Lemma bformZl Q (a : R) x y : bform Q (a *: x) y = a * bform Q x y.
Proof. by rewrite /bform linearZ /= -!scalemxAl mxE. Qed.

Lemma bformZr Q (a : R) x y : bform Q x (a *: y) = a * bform Q x y.
Proof. by rewrite /bform -scalemxAr mxE. Qed.

Lemma bform_mulmxl Q A x y : bform Q (A *m x) y = bform (A^T *m Q) x y.
Proof. by rewrite /bform trmx_mul !mulmxA. Qed.

Lemma bform_mulmxr Q A x y : bform Q x (A *m y) = bform (Q *m A) x y.
Proof. by rewrite /bform !mulmxA. Qed.

Let mx11_tr (M : 'M[R]_1) : M 0 0 = M^T 0 0.
Proof. by rewrite mxE. Qed.

Lemma bform_sym Q x y : Q^T = Q -> bform Q x y = bform Q y x.
Proof.
by move=> symQ; rewrite /bform mx11_tr !trmx_mul trmxK symQ mulmxA.
Qed.

Lemma bform_dotr Q x u : bform Q x u = ((Q *m u)^T *m x) 0 0.
Proof. by rewrite /bform -mulmxA mx11_tr trmx_mul trmxK. Qed.

Lemma bform_rank1 (u v : 'cV[R]_n) x y :
  bform (u *m v^T) x y = (u^T *m x) 0 0 * (v^T *m y) 0 0.
Proof.
by rewrite /bform mulmxA -mulmxA mxE big_ord1 [in LHS]mx11_tr trmx_mul trmxK.
Qed.

Lemma sqr_dot_le (u x : 'cV[R]_n) : ((u^T *m x) 0 0) ^+ 2 <= sqnorm u * sqnorm x.
Proof.
rewrite mxE (eq_bigr (fun k => u k 0 * x k 0)) => [|k _]; last by rewrite mxE.
exact: sqr_sum_mul_le.
Qed.

Lemma sqnorm_mulmx_le A x : sqnorm (A *m x) <= (\sum_i \sum_j A i j ^+ 2) * sqnorm x.
Proof.
rewrite /sqnorm mulr_suml; apply: ler_sum => i _.
rewrite mxE; exact: sqr_sum_mul_le.
Qed.

Lemma bform_le Q x : 2 * bform Q x x <= (1 + \sum_i \sum_j Q i j ^+ 2) * sqnorm x.
Proof.
have -> : bform Q x x = bform 1%:M x (Q *m x) by rewrite bform_mulmxr mul1mx.
apply: (@le_trans _ _ (sqnorm x + sqnorm (Q *m x))).
  rewrite bform1 mulr_sumr /sqnorm -big_split /=; apply: ler_sum => i _.
  by have := (leif_mean_square_scaled (x i 0) ((Q *m x) i 0)).1; lra.
by rewrite mulrDl mul1r lerD2l sqnorm_mulmx_le.
Qed.

Lemma bform_shift_bounds Q (d : R) x : 0 <= bform Q x x ->
  d * sqnorm x <= bform (Q + d%:M) x x /\
  bform (Q + d%:M) x x <= ((1 + \sum_i \sum_j Q i j ^+ 2) / 2 + d) * sqnorm x.
Proof.
rewrite bformDm bform_scalar bform1_sqnorm => Q_ge0.
by split; [lra | have := bform_le Q x; lra].
Qed.

End BilinearForm.

Section BformDerive.
Variables (R : realType) (t : R).

Lemma is_derive_sum_fun n (h : 'I_n -> R -> R) (dh : 'I_n -> R) :
  (forall i, is_derive t 1 (h i) (dh i)) ->
  is_derive t 1 (fun s => \sum_(i < n) h i s) (\sum_(i < n) dh i).
Proof.
move=> h_dh; have := is_derive_sum h_dh.
by have -> : \sum_(i < n) h i = (fun s => \sum_(i < n) h i s) by apply: funext => s; rewrite fct_sumE.
Qed.

Lemma is_derive_mul_fun (f g : R -> R) (df dg : R) :
  is_derive t 1 f df -> is_derive t 1 g dg ->
  is_derive t 1 (fun s => f s * g s) (df * g t + f t * dg).
Proof.
move=> f_df g_dg; have := is_deriveM f_df g_dg.
have -> : (f * g)%R = (fun s => f s * g s) by apply: funext.
by move=> fg; apply: is_derive_eq fg _; rewrite /GRing.scale /= addrC mulrC.
Qed.

Lemma is_derive_bform n (Q : 'M[R]_n) (x : R -> 'cV[R]_n) (dx : 'cV[R]_n) :
  (forall k, is_derive t 1 (fun s => x s k 0) (dx k 0)) ->
  is_derive t 1 (fun s => bform Q (x s) (x s)) (bform Q dx (x t) + bform Q (x t) dx).
Proof.
move=> x_dx.
have -> : (fun s => bform Q (x s) (x s)) =
    (fun s => \sum_i \sum_j x s i 0 * Q i j * x s j 0) by apply: funext => s; rewrite bformE.
rewrite !bformE -big_split /=.
apply: is_derive_sum_fun => i; rewrite -big_split /=.
apply: is_derive_sum_fun => j.
have := is_derive_mul_fun (is_derive_mul_fun (x_dx i) (is_derive_cst (Q i j) t 1)) (x_dx j).
by move=> d; apply: is_derive_eq d _; rewrite /cst; ring.
Qed.
End BformDerive.

(** * A single follower under Riccati feedback *)

Lemma riccati_term_le (R : realType) (eps alpha g c y z X S : R) :
  0 < eps -> 0 < c -> 0 <= alpha -> 1 <= 2 * alpha * g ->
  y ^+ 2 <= c * X -> z ^+ 2 <= c * S ->
  y ^+ 2 - 2 * alpha * (g * y - z) * y <= eps / 4 * X + 4 * c ^+ 2 * alpha ^+ 2 / eps * S.
Proof.
move=> eps_gt0 c_gt0 alpha_ge0 alpha_g yX zS.
have eta_gt0 : 0 < eps / (4 * c) by rewrite divr_gt0 // mulr_gt0.
have := young_sqr y (alpha * z) eta_gt0.
have : eps / (4 * c) * y ^+ 2 <= eps / 4 * X.
  apply: le_trans (ler_wpM2l (ltW eta_gt0) yX) _.
  by rewrite le_eqVlt; apply/orP; left; apply/eqP; field; rewrite gt_eqF.
have : (eps / (4 * c))^-1 * (alpha * z) ^+ 2 <= 4 * c ^+ 2 * alpha ^+ 2 / eps * S.
  have -> : (eps / (4 * c))^-1 * (alpha * z) ^+ 2 = 4 * c * alpha ^+ 2 / eps * z ^+ 2.
    by field; rewrite !gt_eqF.
  apply: le_trans (ler_wpM2l _ zS) _.
    by apply: divr_ge0; [rewrite mulr_ge0 ?sqr_ge0 // mulr_ge0 // ltW | exact: ltW].
  by rewrite le_eqVlt; apply/orP; left; apply/eqP; field; rewrite gt_eqF.
have : 0 <= (2 * alpha * g - 1) * y ^+ 2 by apply: mulr_ge0; [rewrite subr_ge0 | exact: sqr_ge0].
nra.
Qed.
####
▶ [Task goal] Go through the material above, and wherever a line contains the string "mulmxA", return it.

▶ [Written answer]
Proof. by rewrite /bform trmx_mul !mulmxA. Qed.
Proof. by rewrite /bform !mulmxA. Qed.
by move=> symQ; rewrite /bform mx11_tr !trmx_mul trmxK symQ mulmxA.
Proof. by rewrite /bform -mulmxA mx11_tr trmx_mul trmxK. Qed.
by rewrite /bform mulmxA -mulmxA mxE big_ord1 [in LHS]mx11_tr trmx_mul trmxK.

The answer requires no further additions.